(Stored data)
- - -

(* In the epoch setting described in the context, for each $i\in[\rho]$ and each $I\in\mathcal{I}$, there exists an agent in $A^{(i)}$ that visits every state of $I$ during the roundabout process of the $i$-th epoch (i.e., whose set of visited states after the $t$ steps of that process contains $I$).
   Context: Let $n\ge 2$ and $k\ge1$, $\Delta$ be natural numbers, $\mathcal{G}=\langle G_1,\dots,G_L\rangle$ a temporal graph (sequence of graphs on a common $n$-element vertex set $V$), and $T$ a spanning tree of its underlying graph (the union of the snapshots). A snapshot is $k$-edge-deficient w.r.t. $T$ if it contains all but at most $k$ edges of $T$. Let $N=2(n-1)$, fix a DFS tour of $T$ from a root $r$ traversing each edge twice, with cyclic vertex sequence $(v_1,\dots,v_{N+1})$, $v_{N+1}=v_1=r$, tour edges $e_q=\{v_q,v_{q+1}\}$. Circular intervals: $[\![i,j]\!]=\{i,\dots,j\}$ if $i\le j$, $\{i,\dots,N,1,\dots,j\}$ if $i>j$; $[\![i,j[\![=[\![i,j]\!]\setminus\{j\}$. Roundabout process on a sequence $H_1,\dots,H_t$ of graphs: agents $a_1,\dots,a_N$, $s_i(0)=i$; at step $\tau$, if $s_i(\tau-1)=q$ then $s_i(\tau)=(q\bmod N)+1$ if $e_q\in E(H_\tau)$, else $q$; visited states $D_i(\tau)=[\![i,s_i(\tau)]\!]$, $D_i(0)=\{i\}$; active sets $A(0)=$ all agents, and $A(\tau)$ is obtained from $A(\tau-1)$ by repeatedly removing an arbitrary agent $a_i$ with $D_i(\tau)\subseteq\bigcup D_j(\tau)$ over the other current agents, until none remains. Let $t=\lfloor N/(2k)\rfloor$ and $\rho=\lceil 18k\ln(6k)\rceil$. Assume an initial part of $[L]$ is partitioned into $\rho$ consecutive intervals (epochs), each containing at least $\Delta+t$ snapshots that are $k$-edge-deficient w.r.t. $T$; each epoch's first $\Delta$ time steps form its repositioning part, and the rest (containing at least $t$ such snapshots) is its roundabout part. In epoch $i$, run the roundabout process for $t$ steps on the first $t$ $k$-edge-deficient snapshots of its roundabout part, let $A^{(i)}$ be the active agents after step $t$ and $S^{(i)}$ their initial states. Let $\bigcup_{i\in[\rho]}S^{(i)}=\{m_1<\dots<m_d\}$, $I_j=[\![m_j,m_{j+1}[\![$ for $j\in[d-1]$, $I_d=[\![m_d,m_1[\![$, and $\mathcal{I}=\{I_1,\dots,I_d\}$. *)

From Stdlib Require Rdefinitions Raxioms Rpower.
From HB Require Import structures.
From mathcomp Require Import all_boot.

Set Implicit Arguments.
Unset Strict Implicit.
Unset Printing Implicit Defensive.

(* rho = ceil(18 k ln(6k)), stated as the defining property of the ceiling. *)
Definition is_rho (k rho : nat) : Prop :=
  let x := Rdefinitions.Rmult (Rdefinitions.Rmult (Raxioms.INR 18) (Raxioms.INR k))
             (Rpower.ln (Rdefinitions.Rmult (Raxioms.INR 6) (Raxioms.INR k))) in
  Rdefinitions.Rlt (Rdefinitions.Rminus (Raxioms.INR rho) (Raxioms.INR 1)) x /\
  Rdefinitions.Rle x (Raxioms.INR rho).

(* Circular intervals on the states {1,...,N}. *)
Definition cint (N i j : nat) : pred nat := fun x =>
  (1 <= x <= N) && (if i <= j then (i <= x <= j) else (i <= x) || (x <= j)).

Definition cinto (N i j : nat) : pred nat := fun x => cint N i j x && (x != j).

Section Graphs.
Variable V : finType.

Definition is_graph_edges (E : {set {set V}}) : Prop :=
  forall e, e \in E -> #|e| = 2.

Definition underlying (G : nat -> {set {set V}}) (L : nat) : {set {set V}} :=
  \bigcup_(1 <= tau < L.+1) G tau.

Definition spanning_tree (U T : {set {set V}}) : Prop :=
  [/\ T \subset U,
      (forall x y : V, connect (fun a b => [set a; b] \in T) x y)
    & #|T| = #|V|.-1].

Definition tour_edge (v : nat -> V) (q : nat) : {set V} := [set v q; v q.+1].

Definition dfs_tour (T : {set {set V}}) (r : V) (v : nat -> V) (N : nat) : Prop :=
  [/\ v 1 = r, v N.+1 = r,
      (forall q, 1 <= q <= N -> tour_edge v q \in T)
    & (forall e, e \in T -> count (fun q => tour_edge v q == e) (iota 1 N) = 2)].

Definition deficient (T : {set {set V}}) (k : nat) (E : {set {set V}}) : bool :=
  #|T :\: E| <= k.

Fixpoint rpos (N : nat) (e : nat -> {set V}) (H : nat -> {set {set V}})
    (i tau : nat) : nat :=
  match tau with
  | 0 => i
  | tau'.+1 => let q := rpos N e H i tau' in
               if e q \in H tau then q %% N + 1 else q
  end.

Definition visited N (e : nat -> {set V}) H (i tau : nat) : pred nat :=
  cint N i (rpos N e H i tau).
End Graphs.

Definition removable (D : nat -> pred nat) (A : pred nat) (a : nat) : Prop :=
  forall x, D a x -> exists j, A j /\ j <> a /\ D j x.

Inductive prune (D : nat -> pred nat) : pred nat -> pred nat -> Prop :=
| prune_stop (A B : pred nat) :
    (forall a, A a -> ~ removable D A a) -> (forall x, B x = A x) -> prune D A B
| prune_step (A B : pred nat) (a : nat) :
    A a -> removable D A a -> prune D (fun x => A x && (x != a)) B -> prune D A B.

Definition roundabout_run (V : finType) (N : nat) (e : nat -> {set V})
    (H : nat -> {set {set V}}) (t : nat) (Aset : nat -> pred nat) : Prop :=
  (forall a, Aset 0 a = (1 <= a <= N)) /\
  (forall tau, 1 <= tau <= t ->
     prune (fun a => visited N e H a tau) (Aset tau.-1) (Aset tau)).

(* Epoch i (1 <= i <= rho) consists of time steps b(i-1)+1, ..., b(i);
   its repositioning part is the first Delta time steps, the rest is its
   roundabout part. *)
Definition epoch_times (b : nat -> nat) (i : nat) : seq nat :=
  iota (b i.-1).+1 (b i - b i.-1).

Definition roundabout_times (b : nat -> nat) (Delta i : nat) : seq nat :=
  iota (b i.-1 + Delta).+1 (b i - (b i.-1 + Delta)).

Definition rb_def_times (V : finType) (G : nat -> {set {set V}}) T k b Delta i
  : seq nat := [seq tau <- roundabout_times b Delta i | deficient T k (G tau)].

Definition epoch_H (V : finType) (G : nat -> {set {set V}}) T k b Delta i
  : nat -> {set {set V}} :=
  fun tau => G (nth 0 (rb_def_times G T k b Delta i) tau.-1).

From HB Require Import structures.
From mathcomp Require Import all_boot order zify.

Set Implicit Arguments.
Unset Strict Implicit.
Unset Printing Implicit Defensive.

(* Throughout the roundabout process every state is visited by some active
   agent: pruning only removes an agent whose visited states are visited by
   the remaining ones, and an agent's visited arc [[a, s_a]] only grows while
   fewer than N steps have passed (here t < N).  Given I = [[m_j, m_j+1[[,
   take an active agent whose arc contains the last state of I.  Its start is
   one of the m's, so it does not lie strictly inside I, and an arc starting
   outside the interior of I that reaches the last state of I contains I. *)

Section CircularIntervals.
Variable N : nat.

Definition cdist (a x : nat) : nat := (x + N - a) %% N.

Definition cpred (x : nat) : nat := if x == 1 then N else x.-1.

Lemma modn_lt2N y : y < 2 * N -> y %% N = if y < N then y else y - N.
Proof.
case: (ltnP y N) => [y_lt _ | y_ge y_lt]; first exact: modn_small.
by rewrite -{1}(subnK y_ge) modnDr modn_small //; lia.
Qed.

Lemma cint_shift a m x : 1 <= a <= N -> m < N ->
  cint N a ((a - 1 + m) %% N + 1) x = (1 <= x <= N) && (cdist a x <= m).
Proof.
move=> a_rng m_lt; rewrite /cint /cdist.
case: (boolP (1 <= x <= N)) => //= x_rng.
by rewrite !modn_lt2N; [repeat case: ifP; lia | lia | lia].
Qed.

Lemma cinto_sub_cint a s m m' x : 1 <= a <= N -> 1 <= m' <= N ->
  (cinto N m m' a -> a = m) -> cint N a s (cpred m') ->
  cinto N m m' x -> cint N a s x.
Proof.
rewrite /cinto /cint /cpred => a_rng m'_rng.
by case: eqP => [m'_eq1 | m'_neq1]; repeat case: ifP; lia.
Qed.

End CircularIntervals.

Lemma sorted_cyclic_gap (s : seq nat) N j (z : nat) :
  sorted ltn s -> j < size s -> z \in s ->
  cinto N (nth 0 s j) (nth 0 s (j.+1 %% size s)) z -> z = nth 0 s j.
Proof.
move=> s_sorted j_lt z_in.
have [k k_lt ->] : exists2 k, k < size s & z = nth 0 s k.
  by case/(nthP 0): z_in => k k_lt <-; exists k.
have lt_nth p q : p < size s -> q < size s -> (nth 0 s p < nth 0 s q) = (p < q).
  by move=> p_lt q_lt; exact: (Order.POrderTheory.lt_sorted_ltn_nth 0 s_sorted).
move=> z_gap; congr nth; move: z_gap.
have := lt_nth j k j_lt k_lt; have := lt_nth k j k_lt j_lt.
rewrite /cinto /cint; have [j1_lt | j1_eq] : j.+1 < size s \/ j.+1 = size s by lia.
- rewrite modn_small //.
  have := lt_nth k j.+1 k_lt j1_lt; have := lt_nth j j.+1 j_lt j1_lt.
  by case: ifP; lia.
- have s_gt0 : 0 < size s by lia.
  rewrite j1_eq modnn.
  have := lt_nth k 0 k_lt s_gt0; have := lt_nth j 0 j_lt s_gt0.
  have := lt_nth 0 j s_gt0 j_lt.
  by case: ifP; lia.
Qed.

Lemma prune_sub D A B : prune D A B -> forall a, B a -> A a.
Proof.
elim=> {A B} [A B _ BE | A B a _ _ _ IH] b; first by rewrite BE.
by move/IH/andP=> [].
Qed.

Lemma prune_covered D A B x :
  prune D A B -> (exists2 a, A a & D a x) -> exists2 a, B a & D a x.
Proof.
elim=> {A B} [A B _ BE | A B a _ a_rem _ IH] [b Ab Dbx].
  by exists b; rewrite ?BE.
apply: IH; case: (eqVneq b a) => [ba | b_neq_a]; last by exists b; rewrite ?Ab.
rewrite ba in Dbx; have [c [Ac [c_neq_a Dcx]]] := a_rem x Dbx.
by exists c => //; rewrite Ac; exact/eqP.
Qed.

Section Roundabout.
Variables (V : finType) (N : nat) (e : nat -> {set V}) (H : nat -> {set {set V}}).

Fixpoint moves (a tau : nat) : nat :=
  if tau is tau'.+1 then moves a tau' + (e (rpos N e H a tau') \in H tau)
  else 0.

Lemma moves_le a tau : moves a tau <= tau.
Proof. by elim: tau => //= tau IH; case: (_ \in _); lia. Qed.

Lemma rposE a tau : 1 <= a <= N ->
  rpos N e H a tau = (a - 1 + moves a tau) %% N + 1.
Proof.
move=> a_rng; elim: tau => [|tau IH] /=; first by rewrite addn0 modn_small; lia.
rewrite IH; case: (_ \in _); last by rewrite addn0.
by rewrite modnDml addnA.
Qed.

Lemma visitedE a tau x : 1 <= a <= N -> tau < N ->
  visited N e H a tau x = (1 <= x <= N) && (cdist N a x <= moves a tau).
Proof.
move=> a_rng tau_lt; rewrite /visited rposE // cint_shift //.
exact: leq_ltn_trans (moves_le a tau) tau_lt.
Qed.

Lemma visitedS a tau x : 1 <= a <= N -> tau.+1 < N ->
  visited N e H a tau x -> visited N e H a tau.+1 x.
Proof.
move=> a_rng tau_lt; rewrite !visitedE //; last exact: ltnW.
by move=> /andP[-> ?] /=; apply: leq_trans (leq_addr _ _).
Qed.

Variables (t : nat) (Aset : nat -> pred nat).
Hypothesis run : roundabout_run N e H t Aset.

Lemma run_active_range tau a : tau <= t -> Aset tau a -> 1 <= a <= N.
Proof.
case: run => A0 A_prune; elim: tau a => [|tau IH] a tau_lt; first by rewrite A0.
by move/(prune_sub (A_prune tau.+1 tau_lt)); apply: IH; apply: ltnW.
Qed.

Lemma run_covered tau x : t < N -> tau <= t -> 1 <= x <= N ->
  exists2 a, Aset tau a & visited N e H a tau x.
Proof.
case: run => A0 A_prune t_lt; elim: tau => [_ x_rng | tau IH tau_lt x_rng].
  by exists x; rewrite ?A0 // /visited /= /cint leqnn x_rng.
have [a Aa Vax] := IH (ltnW tau_lt) x_rng.
apply: (prune_covered (A_prune tau.+1 tau_lt)).
exists a => //; apply: visitedS => //; last exact: leq_ltn_trans tau_lt t_lt.
exact: run_active_range (ltnW tau_lt) Aa.
Qed.

End Roundabout.

Theorem lemma11 (V : finType) (n k Delta L : nat) (G : nat -> {set {set V}})
    (T : {set {set V}}) (r : V) (v : nat -> V) (rho : nat) (b : nat -> nat)
    (A : nat -> nat -> pred nat) :
  n = #|V| -> 2 <= n -> 1 <= k ->
  (forall tau, 1 <= tau <= L -> is_graph_edges (G tau)) ->
  spanning_tree (underlying G L) T ->
  let N := 2 * (n - 1) in
  let t := N %/ (2 * k) in
  dfs_tour T r v N ->
  is_rho k rho ->
  b 0 = 0 ->
  (forall i, 1 <= i <= rho -> b i.-1 <= b i) ->
  b rho <= L ->
  (forall i, 1 <= i <= rho ->
     Delta + t <= count (fun tau => deficient T k (G tau)) (epoch_times b i)) ->
  (forall i, 1 <= i <= rho -> t <= size (rb_def_times G T k b Delta i)) ->
  (forall i, 1 <= i <= rho ->
     roundabout_run N (tour_edge v) (epoch_H G T k b Delta i) t (A i)) ->
  let ms := [seq x <- iota 1 N | has (fun i => A i t x) (iota 1 rho)] in
  let d := size ms in
  forall i, 1 <= i <= rho ->
  forall j, j < d ->
  exists a, A i t a /\
    (forall x, cinto N (nth 0 ms j) (nth 0 ms (j.+1 %% d)) x ->
       visited N (tour_edge v) (epoch_H G T k b Delta i) a t x).
Proof.
move=> _ n_ge2 k_ge1 _ _ N t _ _ _ _ _ _ _ run ms d i i_rng j j_lt.
have t_lt_N : t < N by apply: ltn_Pdiv; lia.
have ms_sorted : sorted ltn ms := sorted_filter ltn_trans _ (iota_ltn_sorted 1 N).
have ms_range z : z \in ms -> 1 <= z <= N by rewrite mem_filter mem_iota; lia.
have active_range := run_active_range (run i i_rng).
have active_in_ms a : A i t a -> a \in ms.
  move=> Aa; rewrite mem_filter mem_iota (active_range _ _ (leqnn t) Aa) /= andbT.
  by apply/hasP; exists i; rewrite ?mem_iota //; lia.
set m' := nth 0 ms (j.+1 %% d).
have m'_range : 1 <= m' <= N by apply/ms_range/mem_nth/ltn_pmod; lia.
have last_range : 1 <= cpred N m' <= N by rewrite /cpred; case: eqP; lia.
have [a Aa a_visits] := run_covered (run i i_rng) t_lt_N (leqnn t) last_range.
exists a; split=> // x.
apply: cinto_sub_cint a_visits => //; first exact: active_range (leqnn t) Aa.
exact: sorted_cyclic_gap ms_sorted j_lt (active_in_ms a Aa).
Qed.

- - -

Exercise directions – A single number is expected: how many lines in the records contain the string "finType".

Response to this task – 6